The plot is pretty simple - huge monsters attacking cities of millions, tough dudes strapping themselves into huge-ass machines and then proceeding to beat the crap out of the monsters. So far, so awesome. And it doesn't really need more of a plot than that. It's cliched, it's kinda ridiculous and not very believable, but Pacific Rim is one of those movies that go by Rule Of Cool - if it's cool enough of an idea, then to hell with realism. I kept getting the feeling that this is a kind of modernized Errol Flynn-kinda movie, with spectacular heroes in far-fetched plots doing ridiculously bad-ass stuff and saving the day in a super-dramatic way. I left the cinema feeling elated and awesome - so awesome in fact that I forgot my hat at my seat and didn't notice until I was almost back at Hemingway's. Shit.






That's not to say that Pacific Rim is perfect - far from it. It would absolutely not pass the Bechdel test for an instant, as there was only one female character properly established - Mako Mori (played by Rinko Kikuchi, who looked surprisingly like a mix between Knives Chau and Ramona Flowers in Scott Pilgrim. I kept waiting for the blue highlights (that were there for no other reason than Rule Of Cool, forever perpetuating the stereotype that Japanese people all have super-funky hair) to get punched out of her hair, but that didn't seem to happen (although they did kinda seem to disappear sometimes...). There was a Russian woman featured, briefly, as being totally bad-ass, but the Russian Gundam (or Jaeger as they're called in the movie), that had been promoted as being totally awesomely bad-ass, was promptly defeated within five minutes along with the Chinese supposedly 'state of the art' Gundam piloted by hot triplets (who I knew from the start were going to die, as they had no spoken lines and they were all wearing red shirts). Seriously, the only minority who wasn't beaten in a stupid amount of time was the Japanese woman. American much?


Speaking of her, she was apparently awesome at fighting and beat the protagonist, yet when the stereotypically cocky Aussie insulted her, she stood back, lip quivering, while the male hero beat the Aussie's ass to defend her honour, which made me facepalm a bit. Also, she lost control of her emotions instantly when being connected to the hero in the Gundam, because shit, trusting women to keep their emotions in check is like trusting a dog to walk a tight-rope, at least if you're a Hollywood writer. I was happy they didn't have a make-out moment at the end at least, that would've just been stupid.
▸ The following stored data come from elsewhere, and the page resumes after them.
Lemma crit_on_D_lagrange q : crit_on_D d lam q ->
  exists mu nu, forall v, dFfun q v = dLfun q v * mu + Hfun d v * nu.
Proof.
case=> -[_ _ hY _] _ hc.
have [_ dLE] := is_diff_Lfun q; have [_ dHE] := is_diff_Hfun q.
have [_ dFE] := is_diff_Ffun hY.
have sum0 (F : 'I_r.+1 -> R) : \sum_j F j * 0 = 0 by rewrite big1 // => j _; rewrite mulr0.
(* u, w is the basis dual to (dL, dH) on the span of the X_1- and Y_2-directions;
   this is where Y_2 > 0 is used. *)
pose e1 := vec 1 (fun=> 0) (fun=> 0).
pose u := (2 * (lam 2 * Yc q ord0))^-1 *: vec 0 (fun=> 0) (fun l => (l == ord0)%:R).
pose w := e1 - (2 * x1 q) *: u.
have Lu : 'd (Lfun lam) q u = 1.
  rewrite linearZ /= dLE dLfun_vec !sum0 sumr_mul_delta mulr0 !add0r /GRing.scale /=.
  by rewrite mulVf // gt_eqF // !mulr_gt0 // (lam_gt0 ord0).
have Hu : 'd (Hfun d) q u = 0.
  by rewrite linearZ /= dHE Hfun_vec sum0 addr0 /GRing.scale /= mulr0.
have Lw : 'd (Lfun lam) q w = 0.
  rewrite linearB linearZ /= Lu /GRing.scale /= mulr1 dLE dLfun_vec !sum0.
  by rewrite !addr0 mulr1 subrr.
have Hw : 'd (Hfun d) q w = 1.
  by rewrite linearB linearZ /= Hu /GRing.scale /= mulr0 subr0 dHE Hfun_vec sum0 addr0.
exists ('d (Ffun d lam) q u), ('d (Ffun d lam) q w) => v.
by rewrite -dLE -dHE -dFE; exact: linear_lagrange Lu Hu Lw Hw hc v.
Qed.

Lemma lagrange_equations q (mu nu : R) :
  (forall v, dFfun q v = dLfun q v * mu + Hfun d v * nu) ->
  [/\ 2 / nm1 * (1 - x1 q) / Fden q = 2 * x1 q * mu + nu,
      forall j, 2 * xr q j * mu + sdY j * nu = 0
    & forall j, - (Fnum q / Fden q) * (expY j / Yc q j) = 2 * (lam j.+2 * Yc q j) * mu].
Proof.
have sum0 (F : 'I_r.+1 -> R) : \sum_j F j * 0 = 0 by rewrite big1 // => j _; rewrite mulr0.
move=> h; split=> [|j|j].
- have := h (vec 1 (fun=> 0) (fun=> 0)); rewrite dFfun_vec dLfun_vec Hfun_vec !sum0.
  by rewrite !(mulr0, mulr1, addr0, add0r, subr0, sub0r, mul1r) mulrC.
- have := h (vec 0 (fun l => (l == j)%:R) (fun=> 0)).
  rewrite dFfun_vec dLfun_vec Hfun_vec !sum0 !sumr_mul_delta.
  by rewrite !(mulr0, addr0, add0r, sub0r) oppr0 mulr0 => <-.
- have := h (vec 0 (fun=> 0) (fun l => (l == j)%:R)).
  rewrite dFfun_vec dLfun_vec Hfun_vec !sum0 !sumr_mul_delta.
  by rewrite !(mulr0, addr0, add0r, subr0, sub0r) mul0r addr0 => <-; ring.
Qed.

Lemma lagrange_reduce q (mu nu : R) : (forall j, 0 < Yc q j) -> 0 < Fnum q ->
  (forall v, dFfun q v = dLfun q v * mu + Hfun d v * nu) ->
  exists t k, [/\ forall j, xr q j = t * sdY j, forall j, Z q j ^+ 2 = k * dY j
                & (1 - x1 q) * k = Fnum q * (t - x1 q)].
Proof.
move=> hY N0 /lagrange_equations[eX1 eX eY].
have m0 : nm1 != 0 by rewrite gt_eqF ?nm1_gt0.
have P0 := Fden_gt0 hY.
have mu0 : mu != 0.
  apply/eqP => mu0; have /eqP := eY ord0; rewrite mu0 mulr0 mulNr oppr_eq0.
  by rewrite gt_eqF // mulr_gt0 // divr_gt0 ?expY_gt0.
exists (- nu / (2 * mu)), (- (Fnum q / Fden q) / (nm1 * mu)); split=> [j|j|].
- transitivity ((2 * xr q j * mu + sdY j * nu - sdY j * nu) / (2 * mu)).
    by field.
  by rewrite eX; field.
- have Y0 := hY j; rewrite Z_sqr.
  transitivity (2 * (lam j.+2 * Yc q j) * mu * Yc q j / (2 * mu)); first by field.
  by rewrite -eY /expY; field; rewrite m0 mu0 !gt_eqF.
transitivity (- Fnum q / (2 * mu) * (2 / nm1 * (1 - x1 q) / Fden q)).
  by field; rewrite m0 mu0 gt_eqF.
by rewrite eX1; field.
Qed.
So yeah, stereotypes all around (and terrible Japanese being spoken by actors who clearly don't know the first thing about speaking Japanese), and a typical male-dominated movie misogyny leads me to feel that this movie wasn't as awesome as it could've been, but looking past all of that to the pure whimsy, it was still one of the best action movies I've seen in a really long time, and I was psyched coming out of the theater. I tried explaining how awesome it was to Hemingway, saying that he should totally see it, but he doesn't seem to enjoy giant monsters and mecha the same way I do for some reason. They pick up a friggin' boat and use it as a sword, how is that not amazing? Ah well, I'll get around to showing him the light soon enough. Until then, I can only highly recommend it to any of you silent readers who are equally enamored with this stuff as I am. It was epic.